Havia sempre uma certa tensão, mas o clima sempre foi muito cordial. Eu tinha aprendido uma frase com um bispo metodista do Brasil: um ministro do evangelho não pede licença nem desculpas nem tem medo. Não pede licença ao governo nem pede desculpas, se o governo não gostar. E nem pode ter medo.

Nós sabíamos que, à luz do Concílio, nós tínhamos que ter coragem profética, ou seja: não calar quando deve ser falado, não deixar de tomar iniciativas quando elas devem ser tomadas.

Folha - O senhor alguma vez sentiu falta de apoio do papa?

D. Ivo - Nunca. João Paulo 2º era ainda novo, forte, e nos recebeu sempre que precisamos.

Folha - Qual o balanço que o senhor faz do regime militar?

D. Ivo - As duas primeiras promessas dos militares eram até boas. Estavam fazendo uma revolução contra a subversão e a corrupção, coisa que todos nós queríamos. Mas logo depois vieram os exageros e começaram as prisões. Tivemos que ser contra. Qualquer um era chamado de subversivo.

Folha - O senhor acha que o papa, por causa do seu estado de saúde, deveria se aposentar?
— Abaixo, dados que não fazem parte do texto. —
Lemma fsg_edge_of_listed A gamma B : listed_edge m Sigma A gamma B -> fsg_edge Sigma A gamma B.
Proof.
  assert (over_snoc : forall xi i, word_over_m m xi -> 1 <= i <= m -> word_over_m m (xi ++ [i]))
    by (intros; apply Forall_app; split; auto).
  intros [[xi [i [Hxi [Hi [-> [HA HB]]]]]] | [[xi [i [Hxi [Hi [-> [HA HB]]]]]] |
    [Hg [HA HB]]]].
  - exists xi; split; [apply lang_word_over; auto|]; split; [exact HA|].
    split; [apply lang_word_over, over_snoc|exact HB]; auto.
  - assert (Hz : Forall (letter m) ((xi ++ [i]) ++ [i + m])).
    { rewrite <- app_assoc; apply Forall_app; split; [apply word_over_letters; auto|].
      repeat constructor; unfold letter; lia. }
    assert (Erun : run true m [] ((xi ++ [i]) ++ [i + m]) = Some (rev (map pred xi)))
      by (rewrite <- app_assoc, run_app, run_push by auto; cbn [app];
          rewrite run_push_pop, app_nil_r; auto).
    exists (xi ++ [i]); split; [apply lang_word_over, over_snoc; auto|]; split; [exact HA|].
    split; [apply lang_iff; rewrite Erun; split; [auto|discriminate]|].
    rewrite HB, (follower_iff _ _ Hz Erun).
    apply follower_iff; [apply word_over_letters; auto|rewrite run_push, app_nil_r; auto].
  - assert (Hg' : Forall (letter m) [gamma]) by (repeat constructor; unfold letter; lia).
    assert (Erun : run true m [] [gamma] = Some []).
    { simpl; unfold step; rewrite (proj2 (Nat.leb_gt gamma m)); auto; lia. }
    exists []; split; [apply lang_word_over; constructor|]; split; [exact HA|]; cbn [app].
    split; [apply lang_iff; rewrite Erun; split; [auto|discriminate]|].
    rewrite HB, (follower_iff [] []), (follower_iff [gamma] []); auto; reflexivity.
Qed.

Lemma fsg_edge_iff A gamma B : fsg_edge Sigma A gamma B <-> listed_edge m Sigma A gamma B.
Proof. split; [apply fsg_edge_listed|apply fsg_edge_of_listed]. Qed.

End FollowerSetGraph.

Local Open Scope R_scope.

Lemma Rdiv_lt_iff x y c : 0 < c -> (x / c < y <-> x < y * c).
Proof.
  intro Hc; split; intro H.
  - replace x with (x / c * c) by (field; lra); apply Rmult_lt_compat_r; auto.
  - apply Rmult_lt_reg_r with c; auto; replace (x / c * c) with x by (field; lra); auto.
Qed.

Lemma Rlt_div_iff x y c : 0 < c -> (x < y / c <-> x * c < y).
Proof.
  intro Hc; split; intro H.
  - replace y with (y / c * c) by (field; lra); apply Rmult_lt_compat_r; auto.
  - apply Rmult_lt_reg_r with c; auto; replace (y / c * c) with y by (field; lra); auto.
Qed.

Lemma Int_part_INR (r : R) (k : nat) : INR k < r < INR k + 1 -> Int_part r = Z.of_nat k.
Proof.
  intro H; unfold Int_part.
  rewrite <- (tech_up r (Z.of_nat (S k))); [lia| |];
    rewrite <- INR_IZR_INZ, S_INR; lra.
Qed.

Lemma INR_pred_succ k : (1 <= k)%nat -> INR k = INR (k - 1) + 1.
Proof. intro Hk; rewrite <- S_INR; f_equal; lia. Qed.

(* The stack [[d_1; ...; d_k]] (top first) followed by the tail [z] is stored
   as the base-[m] expansion [0.d_1 ... d_k] plus [z / m^k]. *)
Definition encode (m : nat) (st : list nat) (z : R) : R :=
  fold_right (fun d acc => (INR d + acc) / INR m) z st.

Lemma encode_bounds m st z :
  (0 < m)%nat -> 0 < z < 1 -> digits m st -> 0 < encode m st z < 1.
Proof.
  intros Hm Hz Hst; induction Hst as [|d st Hd _ IH]; simpl; auto.
  assert (0 < INR m) by (apply lt_0_INR; lia).
  assert (INR d + 1 <= INR m) by (rewrite <- S_INR; apply le_INR; lia).
  pose proof (pos_INR d).
  split; [apply Rdiv_lt_0_compat|apply Rdiv_lt_iff]; lra.
Qed.

Section Dynamics.

Variables (m : nat) (a : R).
Hypothesis m_ge2 : (2 <= m)%nat.
Hypothesis a_pos : 0 < a.
Hypothesis a_lt : a < 1 / INR m.

Lemma INR_m_pos : 0 < INR m.
Proof. apply lt_0_INR; lia. Qed.

Lemma ma_lt1 : INR m * a < 1.
Proof. pose proof INR_m_pos; apply Rlt_div_iff in a_lt; lra. Qed.

Lemma int_Omega_letter s x y :
  in_int_Omega m a s (x, y) -> letter m s /\ 0 < y < 1.
Proof.
  pose proof INR_m_pos; unfold letter.
  intros [[Hs [_ Hy]]|[Hs [_ [Hy1 Hy2]]]]; [split; [lia|lra]|split; [lia|]].
  apply Rdiv_lt_iff in Hy1; auto; apply Rlt_div_iff in Hy2; auto.
  pose proof (pos_INR (s - m - 1)); assert (INR (s - m) <= INR m) by (apply le_INR; lia).
  split; nra.
Qed.

Lemma int_Omega_pop_digit s x y :
  in_int_Omega m a s (x, y) -> (m < s)%nat ->
  INR (s - m - 1) < y * INR m < INR (s - m - 1) + 1.
Proof.
  pose proof INR_m_pos; intros [[Hs _]|[Hs [_ [Hy1 Hy2]]]] Hl; [lia|].
  apply Rdiv_lt_iff in Hy1; apply Rlt_div_iff in Hy2; auto.
  rewrite (INR_pred_succ (s - m)) in Hy2 by lia; lra.
Qed.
D. Ivo - Ele já disse que não se sente no direito de se aposentar. A cabeça dele está boa. É impressionante a carga de trabalho diário que ele assume. Acho até um exemplo de como uma pessoa idosa pode significar muito na situação atual do mundo e da Igreja. Ele é muito presente ainda.

Folha - O que ficou do período de renovação da igreja do Brasil, como Teologia da Libertação, as Comunidades Eclesiais de Base (Cebs)?

D. Ivo - A Teologia da Libertação não morreu. O que houve foi um reajustamento. A Teologia da Libertação não podia ser só no sentido econômico e político. Assim, acho que ela amadureceu.

As Cebs também. Foi um aparecimento importante. Aí também se avançou no sentido de ver que as comunidades de base deveriam ser comunidades integrais, que abranjam também aspectos morais, litúrgicos, e não só político ou partidário. São fenômenos novos que exigiam ajustamentos.

Folha - O senhor acha que o problema da corrupção melhorou ou piorou no Brasil?

D. Ivo - Acho que ainda estamos muito corruptos. Um país de tanta riqueza, como chega uma hora que não tem mais dinheiro? Uma tristeza.

Folha - O senhor está de acordo de o combate à fome ser a prioridade zero do próximo governo?

D. Ivo - Fome é também uma consequência da falta de uma boa política de produção, de distribuição e das injustiças sociais. Nós lançamos no ano passado, pela CNBB, um grande mutirão nacional para a superação da miséria e da fome. Com fome ninguém vale nada, não tem perspectiva de vida. Mas tem de olhar todo o conjunto.

Folha - Como o senhor vê a questão dos evangélicos?

D. Ivo - Eu quero ter sempre o espírito ecumênico. Agora, ter bancadas por religião, eu não sou a favor. A Igreja Católica já teve, em décadas passadas, a Liga Eleitoral Católica [criada em 1933" e a experiência não foi boa.

Folha - O que o senhor acha da política do governo Bush de combate ao terrorismo?

D. Ivo - Aquilo é um erro dele insuportável. Achar que ele é polícia do mundo, não pode ser. Ninguém quer o terrorismo, mas o método que está aí, a guerra, meu Deus! E no fim, o homem que queriam pegar não pegaram. E agora é o Saddam Hussein. O que é isso? Está tudo errado.